The N3C Data Enclave contained data from 7 930 729 patients from 64 health systems in the United States. The data underwent acquisition from participating hospitals, harmonization, validation, centralized mapping to the Observational Medical Outcomes Partnership 5.3.1 vocabulary, and deidentification and then were made available to each institution.9,10 Patients were enrolled starting January 1, 2020, and the data set was frozen on September 10, 2020. The data set consisted of 2 446 850 COVID-19–positive patients, 4.1 billion laboratory results, 1.3 billion drug exposures, and 406 million health care encounters. Clinical data, including comorbidities, medications, laboratory values, and outcome data, were identified using existing concept identification numbers in the Observational Medical Outcomes Partnership's common data model.

Primary, Secondary, and Safety Outcomes

Early aspirin use was defined as the administration of aspirin as part of routine care within the first day of hospitalization. The primary outcome was in-hospital 28-day mortality, and secondary outcomes included in-hospital acute pulmonary embolism (PE) and acute deep vein thrombosis (DVT). We hypothesized that patients with moderate COVID-19 receiving early aspirin would have a significantly lower rate of in-hospital mortality, PE, and DVT. Hemorrhagic complications, such as gastrointestinal hemorrhage, cerebral hemorrhage, blood transfusion (defined as red blood cell or whole blood transfusion), and the composite of hemorrhagic complications, were also compared between groups as safety outcomes.

Statistical Analysis

Data acquisition and analysis was performed using Palantir Foundry (Palantir Technologies Inc) and R, version 4.0.2 (R Foundation for Statistical Computing) using the ipw and survey packages.11,12 Continuous variables with a nonparametric distribution were summarized as median and IQR. Categorical variables were summarized as the number and percentage of patients.

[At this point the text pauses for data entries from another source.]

Lemma component_proper (S A B C : {set T}) x : A :|: B = S -> [disjoint A & B] ->
  A != set0 -> B != set0 -> nonadjacent A B -> component S C x ->
  exists2 w, w \in S & w \notin C.
Proof.
move=> defS AB A0 B0 nAB [xC CS sepC Cleast].
wlog xA : A B defS AB A0 B0 nAB / x \in A.
  move=> IH; have : x \in A :|: B by rewrite defS (subsetP CS).
  case/setUP=> [xA | xB]; first exact: (IH A B).
  apply: (IH B A) => //; rewrite 1?setUC 1?disjoint_sym //.
  by move=> a b aB bA; rewrite r_sym; apply: nAB.
have CA : C \subset A.
  apply: Cleast => //; first by rewrite -defS subsetUl.
  move=> a b aA /setDP[]; rewrite -defS => /setUP[bA /negP // | bB] _; exact: nAB.
case/set0Pn: B0 => w wB; exists w; first by rewrite -defS inE wB orbT.
by apply: contraTN wB => /(subsetP CA) wA; rewrite (disjointFr AB wA).
Qed.

(* [v] sees [y] but not [x] in the component [C], so some edge [ab] of [C] separates the
   neighbours of [v] from its non-neighbours; [a b v z] is then an induced P4. *)
Lemma component_induced_P4 (S C : {set T}) x v y z : component S C x -> ~~ r v x ->
  y \in C -> r v y -> z \in S :\: C -> r v z -> has_induced P4_rel r.
Proof.
move=> [xC CS sepC Cleast] vx yC vy zSC vz.
pose D := [set c in C | ~~ r v c].
have [a [b [aD bSD ab]]] : exists a b, [/\ a \in D, b \in S :\: D & r a b].
  have [/existsP[a /existsP[b /and3P[aD bD ab]]] | noedge] :=
    boolP [exists a, exists b, [&& a \in D, b \in S :\: D & r a b]]; first by exists a, b.
  have /subsetP/(_ y yC) : C \subset D.
    apply: Cleast; first by rewrite inE xC.
      by apply/subsetP=> c; rewrite inE => /andP[/(subsetP CS)].
    move=> a b aD bD; apply: contraNN noedge => ab.
    by apply/existsP; exists a; apply/existsP; exists b; rewrite aD bD.
  by rewrite inE yC vy.
have [aC nva] : a \in C /\ ~~ r v a by move: aD; rewrite inE => /andP[].
have bC : b \in C.
  by apply: contraTT ab => bC; apply: sepC => //; rewrite inE bC; case/setDP: bSD.
have vb : r v b by move: bSD; rewrite !inE bC /= => /andP[/negbNE].
apply: (@induced_P4 a b v z) => //; try by rewrite r_sym.
- exact: sepC aC zSC.
- exact: sepC bC zSC.
Qed.

Lemma decomposable_setD1 (S A B : {set T}) v : ~ has_induced P4_rel r -> v \in S ->
  A :|: B = S :\ v -> [disjoint A & B] -> A != set0 -> B != set0 -> nonadjacent A B ->
  decomposable S.
Proof.
move=> noP4 vS defS' AB A0 B0 nAB; set S' := S :\ v in defS'.
have S'S : S' \subset S by apply: subsetDl.
have vS' : v \notin S' by rewrite !inE eqxx.
have [/forall_inP v_all | /forall_inPn[x xS' vx]] := boolP [forall y in S', r v y].
  apply: (@decomposable_split S [set v]); rewrite ?sub1set //.
  - by apply/set0Pn; exists v; rewrite set11.
  - case/set0Pn: A0 => a aA; have : a \in S' by rewrite -defS' inE aA.
    by rewrite !inE => /andP[av aS]; exists a; rewrite ?inE.
  - by right=> a b /set1P ->; apply: v_all.
have [C compC] := exists_component xS'.
have [w wS' wC] := component_proper defS' AB A0 B0 nAB compC.
case: (compC) => xC CS' sepC _; have CS := subset_trans CS' S'S.
have [/forall_inP vC | /forall_inPn[y yC /negbNE vy]] := boolP [forall c in C, ~~ r v c].
  apply: (@decomposable_split S C) => //; first by apply/set0Pn; exists x.
    by exists v => //; apply: contra vS' => /(subsetP CS').
  left=> a b aC /setDP[bS bC]; have [-> | bv] := eqVneq b v; first by rewrite r_sym vC.
  by apply: sepC => //; rewrite !inE bv bC bS.
have [/forall_inP vC' | /forall_inPn[z zC' /negbNE vz]] :=
  boolP [forall c in S' :\: C, ~~ r v c]; last first.
  by case: noP4; apply: (component_induced_P4 compC vx yC vy zC' vz).
apply: (@decomposable_split S (S' :\: C)).
- exact: subset_trans (subsetDl S' C) S'S.
- by apply/set0Pn; exists w; rewrite inE wC.
- by exists v; rewrite // inE negb_and vS' orbT.
left=> a b aC' /setDP[bS]; have [-> _ | bv] := eqVneq b v; first by rewrite r_sym vC'.
rewrite inE negb_and negbK (_ : b \in S') ?orbF => [bC|]; last by rewrite !inE bv.
by rewrite r_sym; apply: sepC.
Qed.
End Decompositions.

Lemma disjoint_neq (T : finType) (A B : {set T}) a b :
  [disjoint A & B] -> a \in A -> b \in B -> a != b.
Proof. by move=> AB aA; apply: contraTneq => <-; rewrite (disjointFr AB aA). Qed.

Section Complement.
Variables (T : finType) (r : rel T).
Hypotheses (r_sym : symmetric r) (r_irr : irreflexive r).

Lemma compl_rel_sym : symmetric (compl_rel r).
Proof. by move=> x y; rewrite /compl_rel eq_sym r_sym. Qed.

Lemma compl_rel_irr : irreflexive (compl_rel r).
Proof. by move=> x; rewrite /compl_rel eqxx. Qed.

Lemma decomposable_compl (S : {set T}) : decomposable (compl_rel r) S -> decomposable r S.
Proof.
move=> [A [B [defS AB A0 B0 hom]]]; exists A, B; split=> //.
by case: hom => hom; [right | left] => a b aA bB; move: (hom a b aA bB);
  rewrite /compl_rel (disjoint_neq AB aA bB) //= negbK.
Qed.

Lemma has_induced_P4_compl : has_induced P4_rel (compl_rel r) -> has_induced P4_rel r.
Proof.
move=> [f [f_inj fH]].
have E (i j : 'I_4) : i != j -> r (f i) (f j) = ~~ P4_rel i j.
  by move=> ij; rewrite -fH /compl_rel (inj_eq f_inj) ij /= negbK.
pose o (k : nat) (lt_k4 : k < 4) := Ordinal lt_k4.
by apply: (@induced_P4 _ _ r_sym r_irr (f (o 2 isT)) (f (o 0 isT)) (f (o 3 isT)) (f (o 1 isT)));
  rewrite E.
Qed.

Lemma P4_free_decomposable (S : {set T}) :
  ~ has_induced P4_rel r -> 1 < #|S| -> decomposable r S.
Proof.
move=> noP4 S_gt1; have [n cardS] : exists n, #|S| = n.+2 by exists #|S|.-2; lia.
elim: n S cardS {S_gt1} => [|n IH] S cardS.
  have /cards2P[a [b [ab defS]]] : #|S| == 2 by rewrite cardS.
  exists [set a], [set b]; split; rewrite ?defS ?disjoints1 ?inE //;
    try by apply/set0Pn; eexists; apply: set11.
  by case: (boolP (r a b)) => rab; [right | left] => x y /set1P-> /set1P->.
have [v vS] : exists v, v \in S by apply/set0Pn; rewrite -card_gt0 cardS.
have cardS' : #|S :\ v| = n.+2 by move: cardS; rewrite (cardsD1 v S) vS => -[].
have [A [B [defS' AB A0 B0 [nAB | cAB]]]] := IH _ cardS'.
  exact: (decomposable_setD1 r_sym r_irr noP4 vS defS' AB A0 B0 nAB).
apply: decomposable_compl.
apply: (decomposable_setD1 compl_rel_sym compl_rel_irr _ vS defS' AB A0 B0).
  by move/has_induced_P4_compl.
by move=> a b aA bB; rewrite /compl_rel (disjoint_neq AB aA bB) cAB.
Qed.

To reduce confounding, we performed inverse probability of treatment weighting (IPTW) with stabilized weights.13,14 Inverse probability of treatment weighting allows for estimation of the mean treatment effect if there is no unmeasured confounding and the propensity score is correctly specified.15 The IPTWs were calculated using propensity scores from a logistic regression model.16

For the logistic regression–propensity score model, aspirin was modeled as the dependent variable and independent variables were age, sex, race and ethnicity, chronic kidney disease, chronic obstructive pulmonary disease, asthma, heart disease, hypertension, diabetes, and history of aspirin use in the preceding 90 days. In addition, receipt of other therapeutics initiated on or prior to the first day of hospitalization, such as dexamethasone, remdesivir, tocilizumab, therapeutic heparin, and enoxaparin, were included as independent variables. A robust sandwich variance estimator was used to account for the estimated treatment weights and within-patient associations that are created with IPTW.15,17 This method leads to larger standard errors, resulting in more conservative estimates of the mean treatment effect and making it more difficult to reject the null hypothesis.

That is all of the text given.